» **TASK INSTRUCTIONS**
Of all the entries below, only the lines from the one with "by case: ifP => // /negbT /sv ->." up to and including the one with "Lemma traj_reach X" are to be duplicated exactly.

Saved entries
Lemma mxrank_krylov_growth B K k :
  (minn (\rank (krylov B k)) (\rank B + K) <= \rank (krylov B K.+1))%N.
Proof.
elim: K => [|K IH].
  rewrite addn0 (leq_trans (geq_minr _ _)) // mxrankS //.
  by have := krylov_term B (ltnSn 0); rewrite expr0 mulmx1.
have sK1 := krylov_leq B (leqnSn K.+1).
have [stable | grows] := boolP (B *m A ^+ K.+1 <= krylov B K.+1)%MS.
  rewrite (leq_trans (geq_minl _ _)) // mxrankS //.
  exact: submx_trans (krylov_stable stable k) sK1.
have : (\rank (krylov B K.+1) < \rank (krylov B K.+2))%N.
  rewrite (ltn_leqif (mxrank_leqif_sup sK1)); apply: contra grows.
  exact: submx_trans (krylov_term B (ltnSn _)).
by move: IH; rewrite addnS; lia.
Qed.

End Krylov.

Lemma trmxX (R : comPzRingType) n (A : 'M[R]_n) k : (A ^+ k)^T = A^T ^+ k.
Proof.
elim: k => [|k IH]; first by rewrite !expr0 trmx1.
by rewrite exprS -mulmxE trmx_mul IH mulmxE -exprSr.
Qed.

Lemma mxminpoly_powers (R : fieldType) n (A : 'M[R]_n.+1) :
  exists c : 'I_(degree_mxminpoly A) -> R,
    A ^+ degree_mxminpoly A = \sum_i c i *: A ^+ i.
Proof.
have := horner_mx_mem A 'X^(degree_mxminpoly A).
rewrite rmorphXn /= horner_mx_X => /submxP [u Au]; exists (fun i => u 0 i).
apply: (can_inj (@mxvecK _ n.+1 n.+1)); rewrite Au mulmx_sum_row linear_sum.
by apply: eq_bigr => i _; rewrite rowK linearZ.
Qed.

Section Reachability.
Variables (R : fieldType) (n L : nat) (D : 'M[R]_n.+1) (H : 'M[R]_(n.+1, L)).
Local Notation N := n.+1.
Implicit Types (X : {set 'I_L}) (h : nat -> 'cV[R]_L).

Lemma traj_sum x0 h K :
  traj D H x0 h K = D ^+ K *m x0 + \sum_(i < K) D ^+ i *m H *m h (K - i)%N.
Proof.
elim: K => [|K IH] /=; first by rewrite expr0 mul1mx big_ord0 addr0.
rewrite IH mulmxDr mulmxA -[D *m D ^+ K]exprS big_ord_recl /= expr0 mul1mx.
rewrite subn0 mulmx_sumr -addrA [H *m _ + _]addrC; congr (_ + (_ + _)).
by apply: eq_bigr => i _; rewrite !mulmxA -[D *m D ^+ i]exprS subSS.
Qed.

Definition masked_input X (u : 'rV[R]_L) : 'cV[R]_L :=
  \col_j (if j \in X then u 0 j else 0).

Lemma masked_input_supported X u : supported_in X (masked_input X u).
Proof. by move=> j /negPf Xj; rewrite mxE Xj. Qed.

Lemma masked_inputK X (v : 'cV[R]_L) : supported_in X v -> masked_input X v^T = v.
Proof.
move=> sv; apply/colP => j; rewrite !mxE.
by case: ifP => // /negbT /sv ->.
Qed.

Lemma mul_row_mask X u : u *m row_mask H^T X = (H *m masked_input X u)^T.
Proof.
apply/rowP => k; rewrite !mxE; apply: eq_bigr => j _; rewrite !mxE.
by case: (j \in X); rewrite ?mulr0 ?mul0r // mulrC.
Qed.

(* [row_mask H^T X] is the transpose of H_X, so the row space of
   [reach_space X K] is the transpose of the span of H_X, D H_X, ...,
   D^(K-1) H_X: the states reachable from 0 in K steps with inputs
   supported in X. *)
Definition reach_space X K := krylov D^T (row_mask H^T X) K.

Lemma traj0_sub_reach X h K :
    (forall k, (1 <= k <= K)%N -> supported_in X (h k)) ->
  ((traj D H 0 h K)^T <= reach_space X K)%MS.
Proof.
move=> sh; rewrite traj_sum mulmx0 add0r linear_sum; apply: summx_sub => i _.
have shi : supported_in X (h (K - i)%N) by apply: sh; have := ltn_ord i; lia.
rewrite /= -mulmxA trmx_mul -{1}(masked_inputK shi) -mul_row_mask trmxX -mulmxA.
exact: submx_trans (submxMl _ _) (krylov_term _ _ (ltn_ord i)).
Qed.

Lemma traj_reach X K x0 xf :
    ((xf - D ^+ K *m x0)^T <= reach_space X K)%MS ->
  exists h, (forall k, supported_in X (h k)) /\ traj D H x0 h K = xf.
Proof.
case/sub_sums_genmxP => u reach_u.
exists (fun k => masked_input X (oapp u 0 (insub (K - k)%N))).
split=> [k | ]; first exact: masked_input_supported.
rewrite traj_sum -[xf](subrK (D ^+ K *m x0)) addrC; congr (_ + _).
apply: trmx_inj; rewrite reach_u linear_sum; apply: eq_bigr => i _ /=.
rewrite subKn ?(ltnW (ltn_ord i)) // valK /= -mulmxA trmx_mul -mul_row_mask trmxX.
by rewrite mulmxA.
Qed.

» **SOLVED PROBLEM**
by case: ifP => // /negbT /sv ->.
Qed.

Lemma mul_row_mask X u : u *m row_mask H^T X = (H *m masked_input X u)^T.
Proof.
apply/rowP => k; rewrite !mxE; apply: eq_bigr => j _; rewrite !mxE.
by case: (j \in X); rewrite ?mulr0 ?mul0r // mulrC.
Qed.

(* [row_mask H^T X] is the transpose of H_X, so the row space of
   [reach_space X K] is the transpose of the span of H_X, D H_X, ...,
   D^(K-1) H_X: the states reachable from 0 in K steps with inputs
   supported in X. *)
Definition reach_space X K := krylov D^T (row_mask H^T X) K.

Lemma traj0_sub_reach X h K :
    (forall k, (1 <= k <= K)%N -> supported_in X (h k)) ->
  ((traj D H 0 h K)^T <= reach_space X K)%MS.
Proof.
move=> sh; rewrite traj_sum mulmx0 add0r linear_sum; apply: summx_sub => i _.
have shi : supported_in X (h (K - i)%N) by apply: sh; have := ltn_ord i; lia.
rewrite /= -mulmxA trmx_mul -{1}(masked_inputK shi) -mul_row_mask trmxX -mulmxA.
exact: submx_trans (submxMl _ _) (krylov_term _ _ (ltn_ord i)).
Qed.

Lemma traj_reach X K x0 xf :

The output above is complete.